3. A pipe clamping device for high frequency pipe welding according to claim 2, characterized in that: The welded pipe surface step clamping unit also includes a clamping part two, which includes a secondary clamping seat (6). A mounting cavity one (21) is provided on one side of the clamping main ring (2). The mounting cavities one (21) are arranged in a ring as five groups. The strip platform (3) is embedded in the mounting cavity one (21). A mounting cavity two (31) is provided on the surface of the strip platform (3). A linear slide rail (32) is installed in the mounting cavity two (31). An extension column (33) is installed on the moving end of the linear slide rail (32). A strip plate (4) is installed on the extension column (33). A secondary clamping seat (6) is provided at one end of the strip plate (4).
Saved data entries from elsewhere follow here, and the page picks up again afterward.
(* Let $\mathcal{V}$ be a non-trivial quantale and $\mathsf{F}\colon\mathbf{Set}\to\mathbf{Set}$ a functor. The monotone map $\widehat{\mathsf{F}}^{(-)}\colon\mathbf{Pred}(\mathsf{F})_{\mathsf{M}}\to\mathbf{Lax}(\mathsf{F})$, sending a class of monotone predicate liftings to its Kantorovich extension, is right adjoint to the monotone map $\mathsf{M}\mathsf{P}\mathsf{I}\colon\mathbf{Lax}(\mathsf{F})\to\mathbf{Pred}(\mathsf{F})_{\mathsf{M}}$, and the latter is order-reflecting.
   Context: A quantale $(\mathcal{V},\otimes,k)$ is a complete lattice with commutative monoid structure, each $u\otimes-$ preserving joins, $\hom(u,-)$ its right adjoint; non-trivial: $\bot\ne\top$. $\mathcal{V}$-categories $(X,a)$: $k\le a(x,x)$, $a(x,y)\otimes a(y,z)\le a(x,z)$; $\mathcal{V}$-functors: $a(x,y)\le b(f x,f y)$; category $\mathbf{Cat}(\mathcal{V})$. $\mathcal{V}$-relations $r\colon X\nrightarrow Y$ are maps $X\times Y\to\mathcal{V}$, composed by $(s\cdot r)(x,z)=\bigvee_y r(x,y)\otimes s(y,z)$, converse $r^\circ(y,x)=r(x,y)$, pointwise order, functions as relations with value $k$ on the graph and $\bot$ elsewhere; $(r\multimap s)(z,y)=\bigwedge_x\hom(s(x,z),r(x,y))$. A lax extension $\widehat{\mathsf{F}}$ of $\mathsf{F}$ maps $r\colon X\nrightarrow Y$ to $\widehat{\mathsf{F}}r\colon\mathsf{F}X\nrightarrow\mathsf{F}Y$ with (L1) monotonicity, (L2) $\widehat{\mathsf{F}}s\cdot\widehat{\mathsf{F}}r\le\widehat{\mathsf{F}}(s\cdot r)$, (L3) $\mathsf{F}f\le\widehat{\mathsf{F}}f$, $(\mathsf{F}f)^\circ\le\widehat{\mathsf{F}}(f^\circ)$; $\mathsf{I}(\widehat{\mathsf{F}})$ is the induced lifting $(X,a)\mapsto(\mathsf{F}X,\widehat{\mathsf{F}}a)$. $\mathbf{Lax}(\mathsf{F})$ is ordered pointwise. A $\kappa$-ary $\mathcal{V}$-valued predicate lifting is a natural transformation $\lambda\colon\mathbf{Set}(-,\mathcal{V}^\kappa)\to\mathbf{Set}(\mathsf{F}-,\mathcal{V})$, viewed (identifying $f\colon X\to\mathcal{V}^\kappa$ with the relation $(i,x)\mapsto f(x)(i)$, and maps $\mathsf{F}X\to\mathcal{V}$ with relations $1\nrightarrow\mathsf{F}X$) as maps from relations $\kappa\nrightarrow X$ to relations $1\nrightarrow\mathsf{F}X$; monotone if components are pointwise monotone. $\mathbf{Pred}(\mathsf{F})_{\mathsf{M}}$ is the conglomerate of classes of monotone predicate liftings ordered by reverse inclusion ($\Lambda\le\Lambda'$ iff $\Lambda\supseteq\Lambda'$). For a lifting $\overline{\mathsf{F}}$ (functor on $\mathbf{Cat}(\mathcal{V})$ with $|\overline{\mathsf{F}}-|=\mathsf{F}|-|$), $\mathsf{P}(\overline{\mathsf{F}})$ is the class of predicate liftings $\lambda$ such that $\lambda_{|X|}(f)\colon\overline{\mathsf{F}}X\to(\mathcal{V},\hom)$ is a $\mathcal{V}$-functor for every $\mathcal{V}$-functor $f\colon X\to\mathcal{V}^\kappa$ ($\mathcal{V}^\kappa$ with $[f,g]=\bigwedge_i\hom(f(i),g(i))$), and $\mathsf{M}$ selects the monotone members of a class. The Kantorovich extension of a class $\Lambda$ of monotone predicate liftings is $\widehat{\mathsf{F}}^\Lambda r=\bigwedge_{\lambda\in\Lambda}\bigwedge_{g\colon\kappa\nrightarrow X}\lambda(r\cdot g)\multimap\lambda(g)$. *)

Set Implicit Arguments.
Unset Strict Implicit.

Record quantale := Quantale {
  qcar :> Type;
  qle : qcar -> qcar -> Prop;
  qsup : (qcar -> Prop) -> qcar;
  qten : qcar -> qcar -> qcar;
  qk : qcar;
  qhom : qcar -> qcar -> qcar;
  qle_refl : forall u, qle u u;
  qle_trans : forall u v w, qle u v -> qle v w -> qle u w;
  qle_antisym : forall u v, qle u v -> qle v u -> u = v;
  qsup_ub : forall (S : qcar -> Prop) s, S s -> qle s (qsup S);
  qsup_least : forall (S : qcar -> Prop) u,
      (forall s, S s -> qle s u) -> qle (qsup S) u;
  qten_assoc : forall u v w, qten u (qten v w) = qten (qten u v) w;
  qten_comm : forall u v, qten u v = qten v u;
  qten_unit : forall u, qten qk u = u;
  qten_sup : forall u (S : qcar -> Prop),
      qten u (qsup S) = qsup (fun w => exists s, S s /\ w = qten u s);
  qhom_adj : forall u v w, qle (qten u v) w <-> qle v (qhom u w)
}.

Arguments qle {q}.
Arguments qsup {q}.
Arguments qten {q}.
Arguments qk {q}.
Arguments qhom {q}.

Section QuantaleOps.
Variable V : quantale.

Definition qinf (S : V -> Prop) : V := qsup (fun x => forall s, S s -> qle x s).
Definition qbot : V := qsup (fun _ => False).
Definition qtop : V := qsup (fun _ => True).

End QuantaleOps.

Arguments qinf {V}.
Arguments qbot {V}.
Arguments qtop {V}.

Definition nontrivial (V : quantale) : Prop := @qbot V <> @qtop V.

Section Relations.
Variable V : quantale.

Definition vrel (X Y : Type) := X -> Y -> V.

Definition rcomp {X Y Z : Type} (s : vrel Y Z) (r : vrel X Y) : vrel X Z :=
  fun x z => qsup (fun w => exists y, w = qten (r x y) (s y z)).

Definition rconv {X Y : Type} (r : vrel X Y) : vrel Y X := fun y x => r x y.

(* a function as a V-relation: k on its graph, bottom elsewhere *)
Definition rgraph {X Y : Type} (f : X -> Y) : vrel X Y :=
  fun x y => qsup (fun w => f x = y /\ w = qk).

Definition rle {X Y : Type} (r s : vrel X Y) : Prop :=
  forall x y, qle (r x y) (s x y).

Definition rlolli {X Y Z : Type} (r : vrel X Y) (s : vrel X Z) : vrel Z Y :=
  fun z y => qinf (fun w => exists x, w = qhom (s x z) (r x y)).

Definition is_vcat {X : Type} (a : vrel X X) : Prop :=
  (forall x, qle qk (a x x)) /\
  (forall x y z, qle (qten (a x y) (a y z)) (a x z)).

Definition is_vfunctor {X Y : Type} (a : vrel X X) (b : vrel Y Y) (f : X -> Y) : Prop :=
  forall x y, qle (a x y) (b (f x) (f y)).

Definition vpow_hom (kappa : Type) : vrel (kappa -> V) (kappa -> V) :=
  fun f g => qinf (fun w => exists i, w = qhom (f i) (g i)).

End Relations.

Arguments vrel : clear implicits.
Arguments rcomp {V X Y Z}.
Arguments rconv {V X Y}.
Arguments rgraph {V X Y}.
Arguments rle {V X Y}.
Arguments rlolli {V X Y Z}.
Arguments is_vcat {V X}.
Arguments is_vfunctor {V X Y}.

Record functor := Functor {
  fobj :> Type -> Type;
  fmap : forall (X Y : Type), (X -> Y) -> fobj X -> fobj Y;
  fmap_id : forall (X : Type) (x : fobj X), fmap (fun y : X => y) x = x;
  fmap_comp : forall (X Y Z : Type) (f : X -> Y) (g : Y -> Z) (x : fobj X),
      fmap (fun y => g (f y)) x = fmap g (fmap f x)
}.

Arguments fmap {f} {X Y} _ _ : rename.

Section LaxAndPred.
Variable V : quantale.
Variable F : functor.

Definition relop := forall X Y : Type, vrel V X Y -> vrel V (F X) (F Y).

Definition is_lax_ext (L : relop) : Prop :=
  (forall X Y (r r' : vrel V X Y), rle r r' -> rle (L X Y r) (L X Y r')) /\
  (forall X Y Z (r : vrel V X Y) (s : vrel V Y Z),
      rle (rcomp (L Y Z s) (L X Y r)) (L X Z (rcomp s r))) /\
  (forall X Y (f : X -> Y),
      rle (rgraph (V:=V) (fmap (f:=F) f)) (L X Y (rgraph f)) /\
      rle (rconv (rgraph (V:=V) (fmap (f:=F) f))) (L Y X (rconv (rgraph f)))).

Definition lax_le (L1 L2 : relop) : Prop :=
  forall X Y (r : vrel V X Y), rle (L1 X Y r) (L2 X Y r).

(* a kappa-ary predicate lifting: natural transformation
   Set(-, V^kappa) -> Set(F-, V) *)
Record predlift := PredLift {
  pl_arity : Type;
  pl_comp : forall X : Type, (X -> pl_arity -> V) -> (F X -> V);
  pl_nat : forall (X Y : Type) (h : X -> Y) (f : Y -> pl_arity -> V) (z : F X),
      pl_comp (fun x => f (h x)) z = pl_comp f (fmap h z)
}.
Arguments pl_comp : clear implicits.
Arguments pl_comp p {X}.

Definition pl_monotone (l : predlift) : Prop :=
  forall X (f g : X -> pl_arity l -> V),
    (forall x i, qle (f x i) (g x i)) ->
    forall z, qle (pl_comp l f z) (pl_comp l g z).

Definition pl_rel (l : predlift) (X : Type) (g : vrel V (pl_arity l) X)
  : vrel V unit (F X) :=
  fun _ z => pl_comp l (fun x i => g i x) z.

Definition plclass := predlift -> Prop.

Arguments pl_rel l {X}.

Definition monotone_class (L : plclass) : Prop :=
  forall l, L l -> pl_monotone l.

(* order of Pred(F)_M : reverse inclusion *)
Definition predM_le (L L' : plclass) : Prop := forall l, L' l -> L l.

(* object part of a lifting of F to Cat(V): the V-category structure
   on F|X| given one on |X| *)
Definition liftobj := forall X : Type, vrel V X X -> vrel V (F X) (F X).

Definition I_lift (L : relop) : liftobj := fun X a => L X X a.

Definition P_class (Fb : liftobj) : plclass := fun l =>
  forall (X : Type) (a : vrel V X X), is_vcat a ->
    forall f : X -> (pl_arity l -> V),
      is_vfunctor a (@vpow_hom V (pl_arity l)) f ->
      is_vfunctor (Fb X a) (@qhom V) (pl_comp l f).

Definition M_class (L : plclass) : plclass := fun l => L l /\ pl_monotone l.

Definition MPI (L : relop) : plclass := M_class (P_class (I_lift L)).

Definition kantorovich (Lam : plclass) : relop := fun X Y r fx fy =>
  qinf (fun w => exists l, Lam l /\
     w = qinf (fun w' => exists g : vrel V (pl_arity l) X,
            w' = rlolli (pl_rel l (rcomp r g)) (pl_rel l g) fx fy)).

End LaxAndPred.

(* The Kantorovich extension K^Λ r is the largest relation along which every
   λ ∈ Λ is nonexpansive, λ(g)(ξ) ⊗ K^Λ r(ξ,ζ) ≤ λ(r·g)(ζ); this makes it a lax
   extension, and L ≤ K^Λ says that every λ ∈ Λ is nonexpansive along each L r.
   For the adjunction, a relation r : X ⇸ Y is encoded as the V-category
   structure on X + Y given by its collage, on which g and r·g together form a
   V-functor into V^κ; applying λ ∈ MPI(L) to it and restricting along the
   coproduct injections gives nonexpansiveness along L r.  Conversely, every
   ξ ∈ Fκ yields the predicate lifting f ↦ L(f°)(ξ, -), which belongs to MPI(L);
   testing K^{MPI L} against these liftings with g the identity relation shows
   K^{MPI L} ≤ L, so by the adjunction MPI is order-reflecting. *)

From Stdlib Require Import Setoid.

Arguments qle_trans {q u v w} _ _.

Section QuantaleFacts.
Variable V : quantale.
Implicit Types u v w : V.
4. A pipe clamping device for high frequency pipe welding according to claim 3, characterized in that: The surface of the sub-clamp (6) is provided with an inner cavity (61), and multiple sets of electric drive wheels (62) are arranged at intervals inside the inner cavity (61).
5. A pipe clamping device for high frequency pipe welding according to claim 4, characterized in that: The surface of the electric drive rotor (62) is provided with a heat-resistant rubber sleeve layer.
6. A high-frequency electric pipe welding clamping device according to claim 2, characterized in that: The surface of the electric drive wheel (52) is provided with an anti-slip rubber sleeve layer.